§ **EXERCISE GOAL**:
From the entries below, retype only the lines from the one with "- apply/trivIsetP =>" through the one with "- move=> loc; apply/and3P; split => //.", exactly as written.

── THE INPUT ──

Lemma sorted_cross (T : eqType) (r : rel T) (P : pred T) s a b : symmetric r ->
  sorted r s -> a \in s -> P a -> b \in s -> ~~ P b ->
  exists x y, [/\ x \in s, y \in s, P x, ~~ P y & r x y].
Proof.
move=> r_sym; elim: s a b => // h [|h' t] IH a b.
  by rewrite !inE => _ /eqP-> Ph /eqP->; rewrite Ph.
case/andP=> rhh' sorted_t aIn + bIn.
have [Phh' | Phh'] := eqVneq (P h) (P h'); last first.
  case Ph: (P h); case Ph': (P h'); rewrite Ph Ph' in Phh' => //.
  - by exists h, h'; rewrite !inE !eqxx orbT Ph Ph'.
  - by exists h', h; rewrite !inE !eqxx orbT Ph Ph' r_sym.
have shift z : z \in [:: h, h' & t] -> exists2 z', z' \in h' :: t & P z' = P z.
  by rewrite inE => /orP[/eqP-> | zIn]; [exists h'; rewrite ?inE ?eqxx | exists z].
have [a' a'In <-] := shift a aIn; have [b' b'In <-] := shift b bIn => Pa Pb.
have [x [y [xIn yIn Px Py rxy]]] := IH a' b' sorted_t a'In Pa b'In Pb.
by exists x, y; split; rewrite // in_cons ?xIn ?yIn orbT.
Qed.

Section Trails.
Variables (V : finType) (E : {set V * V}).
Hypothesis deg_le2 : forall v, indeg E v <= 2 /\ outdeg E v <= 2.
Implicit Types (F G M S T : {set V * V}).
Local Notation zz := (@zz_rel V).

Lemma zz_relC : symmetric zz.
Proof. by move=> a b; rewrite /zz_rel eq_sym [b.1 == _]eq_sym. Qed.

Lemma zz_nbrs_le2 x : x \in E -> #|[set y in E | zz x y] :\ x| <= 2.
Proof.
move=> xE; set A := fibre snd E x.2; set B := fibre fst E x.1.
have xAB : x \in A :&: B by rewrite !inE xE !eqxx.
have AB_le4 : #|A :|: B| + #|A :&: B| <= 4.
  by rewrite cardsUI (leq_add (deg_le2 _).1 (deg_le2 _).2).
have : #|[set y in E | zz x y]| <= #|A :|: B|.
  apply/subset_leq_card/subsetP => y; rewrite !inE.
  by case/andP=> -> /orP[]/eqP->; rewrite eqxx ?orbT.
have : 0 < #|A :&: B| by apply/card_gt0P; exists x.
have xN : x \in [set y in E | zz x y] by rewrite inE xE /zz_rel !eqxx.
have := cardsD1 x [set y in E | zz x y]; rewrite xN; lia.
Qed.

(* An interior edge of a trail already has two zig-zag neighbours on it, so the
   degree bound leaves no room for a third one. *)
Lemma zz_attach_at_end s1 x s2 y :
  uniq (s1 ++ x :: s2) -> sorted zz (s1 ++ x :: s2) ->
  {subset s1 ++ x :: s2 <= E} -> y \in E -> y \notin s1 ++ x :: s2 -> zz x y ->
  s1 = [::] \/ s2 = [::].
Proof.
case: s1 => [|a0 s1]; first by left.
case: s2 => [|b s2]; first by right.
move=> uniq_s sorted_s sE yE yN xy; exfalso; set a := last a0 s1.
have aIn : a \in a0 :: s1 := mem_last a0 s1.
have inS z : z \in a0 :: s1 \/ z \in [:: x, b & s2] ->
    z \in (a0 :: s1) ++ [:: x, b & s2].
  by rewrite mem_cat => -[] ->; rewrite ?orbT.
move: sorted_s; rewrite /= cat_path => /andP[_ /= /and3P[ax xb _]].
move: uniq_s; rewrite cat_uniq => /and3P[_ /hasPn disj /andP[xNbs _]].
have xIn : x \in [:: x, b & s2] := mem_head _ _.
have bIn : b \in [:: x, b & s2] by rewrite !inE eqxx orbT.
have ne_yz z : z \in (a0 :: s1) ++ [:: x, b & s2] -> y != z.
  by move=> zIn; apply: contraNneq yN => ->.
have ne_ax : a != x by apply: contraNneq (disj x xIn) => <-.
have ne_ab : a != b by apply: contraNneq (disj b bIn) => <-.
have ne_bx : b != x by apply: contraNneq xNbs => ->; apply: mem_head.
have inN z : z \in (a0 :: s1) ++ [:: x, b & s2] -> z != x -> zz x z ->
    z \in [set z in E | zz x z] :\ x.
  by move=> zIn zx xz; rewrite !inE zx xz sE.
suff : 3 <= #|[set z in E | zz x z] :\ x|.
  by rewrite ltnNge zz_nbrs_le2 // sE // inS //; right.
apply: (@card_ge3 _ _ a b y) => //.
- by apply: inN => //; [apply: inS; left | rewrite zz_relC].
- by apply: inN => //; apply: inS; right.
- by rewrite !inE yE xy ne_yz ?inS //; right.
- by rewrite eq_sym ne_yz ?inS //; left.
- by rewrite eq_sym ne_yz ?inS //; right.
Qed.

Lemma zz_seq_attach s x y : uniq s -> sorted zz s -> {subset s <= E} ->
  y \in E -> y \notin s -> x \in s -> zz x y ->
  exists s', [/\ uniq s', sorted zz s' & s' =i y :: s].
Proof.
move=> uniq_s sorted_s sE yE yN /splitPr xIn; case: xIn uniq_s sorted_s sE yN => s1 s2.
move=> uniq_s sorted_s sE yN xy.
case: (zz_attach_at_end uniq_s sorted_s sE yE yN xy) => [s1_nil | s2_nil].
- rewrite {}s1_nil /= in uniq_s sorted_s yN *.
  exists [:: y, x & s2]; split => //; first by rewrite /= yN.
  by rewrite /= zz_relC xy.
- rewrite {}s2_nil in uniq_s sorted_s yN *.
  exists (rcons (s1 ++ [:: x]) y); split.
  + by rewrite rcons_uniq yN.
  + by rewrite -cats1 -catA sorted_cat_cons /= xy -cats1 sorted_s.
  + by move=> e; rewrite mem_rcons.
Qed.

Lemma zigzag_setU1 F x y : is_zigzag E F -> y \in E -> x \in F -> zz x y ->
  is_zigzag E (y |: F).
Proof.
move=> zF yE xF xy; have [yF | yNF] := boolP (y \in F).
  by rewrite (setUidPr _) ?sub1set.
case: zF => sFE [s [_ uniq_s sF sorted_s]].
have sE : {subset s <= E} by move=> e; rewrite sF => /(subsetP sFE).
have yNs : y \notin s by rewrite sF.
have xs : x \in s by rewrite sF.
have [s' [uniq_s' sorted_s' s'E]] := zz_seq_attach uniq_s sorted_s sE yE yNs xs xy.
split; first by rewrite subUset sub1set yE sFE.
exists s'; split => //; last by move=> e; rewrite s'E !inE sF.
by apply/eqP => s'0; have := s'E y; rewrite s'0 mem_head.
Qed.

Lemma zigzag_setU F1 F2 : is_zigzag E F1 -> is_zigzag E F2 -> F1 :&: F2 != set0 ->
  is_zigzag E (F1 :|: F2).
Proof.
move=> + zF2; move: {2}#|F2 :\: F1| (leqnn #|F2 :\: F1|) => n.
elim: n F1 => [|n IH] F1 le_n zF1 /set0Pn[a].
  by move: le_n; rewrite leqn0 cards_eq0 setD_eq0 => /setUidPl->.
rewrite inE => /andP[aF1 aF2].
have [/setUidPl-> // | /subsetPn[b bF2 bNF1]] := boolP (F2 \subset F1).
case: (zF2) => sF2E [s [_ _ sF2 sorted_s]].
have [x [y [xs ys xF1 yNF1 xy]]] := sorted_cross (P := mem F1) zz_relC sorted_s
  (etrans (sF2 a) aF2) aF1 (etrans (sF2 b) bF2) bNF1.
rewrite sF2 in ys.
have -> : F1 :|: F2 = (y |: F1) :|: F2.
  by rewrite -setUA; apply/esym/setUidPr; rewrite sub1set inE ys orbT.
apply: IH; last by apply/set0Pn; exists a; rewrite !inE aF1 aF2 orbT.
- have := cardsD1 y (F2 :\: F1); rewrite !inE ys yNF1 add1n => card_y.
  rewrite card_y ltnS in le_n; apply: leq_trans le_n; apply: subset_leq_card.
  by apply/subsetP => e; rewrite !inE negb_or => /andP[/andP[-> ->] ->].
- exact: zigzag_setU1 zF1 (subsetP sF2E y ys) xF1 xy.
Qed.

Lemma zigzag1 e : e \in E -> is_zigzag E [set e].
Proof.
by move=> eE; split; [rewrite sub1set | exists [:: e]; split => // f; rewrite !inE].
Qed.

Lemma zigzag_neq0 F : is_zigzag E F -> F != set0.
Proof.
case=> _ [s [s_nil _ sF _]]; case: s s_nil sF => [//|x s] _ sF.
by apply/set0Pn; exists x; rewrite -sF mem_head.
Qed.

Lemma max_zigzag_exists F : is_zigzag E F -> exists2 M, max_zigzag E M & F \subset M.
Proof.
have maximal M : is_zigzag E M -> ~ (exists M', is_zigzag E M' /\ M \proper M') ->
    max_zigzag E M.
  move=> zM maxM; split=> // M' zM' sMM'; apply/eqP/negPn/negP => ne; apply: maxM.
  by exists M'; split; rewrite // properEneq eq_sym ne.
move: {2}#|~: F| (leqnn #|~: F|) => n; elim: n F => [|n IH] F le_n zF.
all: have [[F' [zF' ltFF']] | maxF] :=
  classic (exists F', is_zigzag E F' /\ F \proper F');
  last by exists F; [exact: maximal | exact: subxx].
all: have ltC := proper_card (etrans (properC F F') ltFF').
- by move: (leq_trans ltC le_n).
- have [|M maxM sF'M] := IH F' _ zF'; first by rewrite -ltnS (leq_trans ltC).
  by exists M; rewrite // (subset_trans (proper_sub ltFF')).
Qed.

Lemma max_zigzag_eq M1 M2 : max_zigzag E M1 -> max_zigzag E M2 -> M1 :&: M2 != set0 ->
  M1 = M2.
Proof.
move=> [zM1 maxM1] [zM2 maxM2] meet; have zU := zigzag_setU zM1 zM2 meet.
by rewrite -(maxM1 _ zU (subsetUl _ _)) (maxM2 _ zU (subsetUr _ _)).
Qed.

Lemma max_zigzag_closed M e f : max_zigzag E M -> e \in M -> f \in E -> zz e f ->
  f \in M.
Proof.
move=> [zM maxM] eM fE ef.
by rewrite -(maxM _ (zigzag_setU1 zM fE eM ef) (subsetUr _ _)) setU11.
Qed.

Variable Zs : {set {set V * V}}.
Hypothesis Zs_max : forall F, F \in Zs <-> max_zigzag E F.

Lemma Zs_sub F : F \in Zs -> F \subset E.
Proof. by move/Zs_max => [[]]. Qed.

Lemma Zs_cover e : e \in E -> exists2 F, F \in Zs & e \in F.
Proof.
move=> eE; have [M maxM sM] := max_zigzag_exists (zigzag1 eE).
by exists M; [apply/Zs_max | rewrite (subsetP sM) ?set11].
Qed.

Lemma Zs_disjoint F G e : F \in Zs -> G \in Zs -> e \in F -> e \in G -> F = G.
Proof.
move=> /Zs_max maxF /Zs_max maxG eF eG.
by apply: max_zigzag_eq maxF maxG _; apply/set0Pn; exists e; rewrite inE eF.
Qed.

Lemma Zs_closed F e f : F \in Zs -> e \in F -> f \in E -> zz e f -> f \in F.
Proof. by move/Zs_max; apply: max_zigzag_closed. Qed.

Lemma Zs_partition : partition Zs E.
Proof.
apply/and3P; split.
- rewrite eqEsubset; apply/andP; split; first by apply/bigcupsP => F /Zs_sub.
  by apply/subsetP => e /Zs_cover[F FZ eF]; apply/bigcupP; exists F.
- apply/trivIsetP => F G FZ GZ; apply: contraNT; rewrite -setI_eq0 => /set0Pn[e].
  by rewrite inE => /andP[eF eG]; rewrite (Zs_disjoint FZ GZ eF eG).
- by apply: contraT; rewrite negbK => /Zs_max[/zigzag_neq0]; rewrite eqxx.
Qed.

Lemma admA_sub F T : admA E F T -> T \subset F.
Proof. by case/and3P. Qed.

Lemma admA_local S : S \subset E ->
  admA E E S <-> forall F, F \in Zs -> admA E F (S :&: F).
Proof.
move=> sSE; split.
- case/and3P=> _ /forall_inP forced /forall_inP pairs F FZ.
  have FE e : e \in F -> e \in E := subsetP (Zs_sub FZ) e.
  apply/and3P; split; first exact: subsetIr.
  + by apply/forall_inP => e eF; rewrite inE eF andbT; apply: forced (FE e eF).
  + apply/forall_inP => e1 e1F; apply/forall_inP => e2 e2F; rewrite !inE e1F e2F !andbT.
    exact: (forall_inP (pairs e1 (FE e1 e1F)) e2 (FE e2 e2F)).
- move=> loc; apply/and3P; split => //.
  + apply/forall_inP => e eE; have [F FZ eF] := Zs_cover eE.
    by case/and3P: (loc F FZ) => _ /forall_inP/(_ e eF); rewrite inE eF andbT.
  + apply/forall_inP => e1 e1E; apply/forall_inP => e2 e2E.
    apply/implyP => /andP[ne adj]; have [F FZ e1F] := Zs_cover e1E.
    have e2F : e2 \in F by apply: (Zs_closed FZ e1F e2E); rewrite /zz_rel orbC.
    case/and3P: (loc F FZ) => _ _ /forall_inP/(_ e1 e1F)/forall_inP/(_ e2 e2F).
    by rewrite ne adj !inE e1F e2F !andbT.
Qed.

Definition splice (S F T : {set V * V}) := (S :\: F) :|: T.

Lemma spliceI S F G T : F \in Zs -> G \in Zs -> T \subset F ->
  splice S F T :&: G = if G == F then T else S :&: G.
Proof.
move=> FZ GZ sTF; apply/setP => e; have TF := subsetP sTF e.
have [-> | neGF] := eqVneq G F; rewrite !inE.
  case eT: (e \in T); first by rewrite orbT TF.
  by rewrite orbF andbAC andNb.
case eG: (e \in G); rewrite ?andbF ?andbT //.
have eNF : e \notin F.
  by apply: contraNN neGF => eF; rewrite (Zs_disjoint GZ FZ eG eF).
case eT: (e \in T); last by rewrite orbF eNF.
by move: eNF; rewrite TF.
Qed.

───

§ **SOLUTION FOR THIS EXERCISE**:
- apply/trivIsetP => F G FZ GZ; apply: contraNT; rewrite -setI_eq0 => /set0Pn[e].
  by rewrite inE => /andP[eF eG]; rewrite (Zs_disjoint FZ GZ eF eG).
- by apply: contraT; rewrite negbK => /Zs_max[/zigzag_neq0]; rewrite eqxx.
Qed.

Lemma admA_sub F T : admA E F T -> T \subset F.
Proof. by case/and3P. Qed.

Lemma admA_local S : S \subset E ->
  admA E E S <-> forall F, F \in Zs -> admA E F (S :&: F).
Proof.
move=> sSE; split.
- case/and3P=> _ /forall_inP forced /forall_inP pairs F FZ.
  have FE e : e \in F -> e \in E := subsetP (Zs_sub FZ) e.
  apply/and3P; split; first exact: subsetIr.
  + by apply/forall_inP => e eF; rewrite inE eF andbT; apply: forced (FE e eF).
  + apply/forall_inP => e1 e1F; apply/forall_inP => e2 e2F; rewrite !inE e1F e2F !andbT.
    exact: (forall_inP (pairs e1 (FE e1 e1F)) e2 (FE e2 e2F)).
- move=> loc; apply/and3P; split => //.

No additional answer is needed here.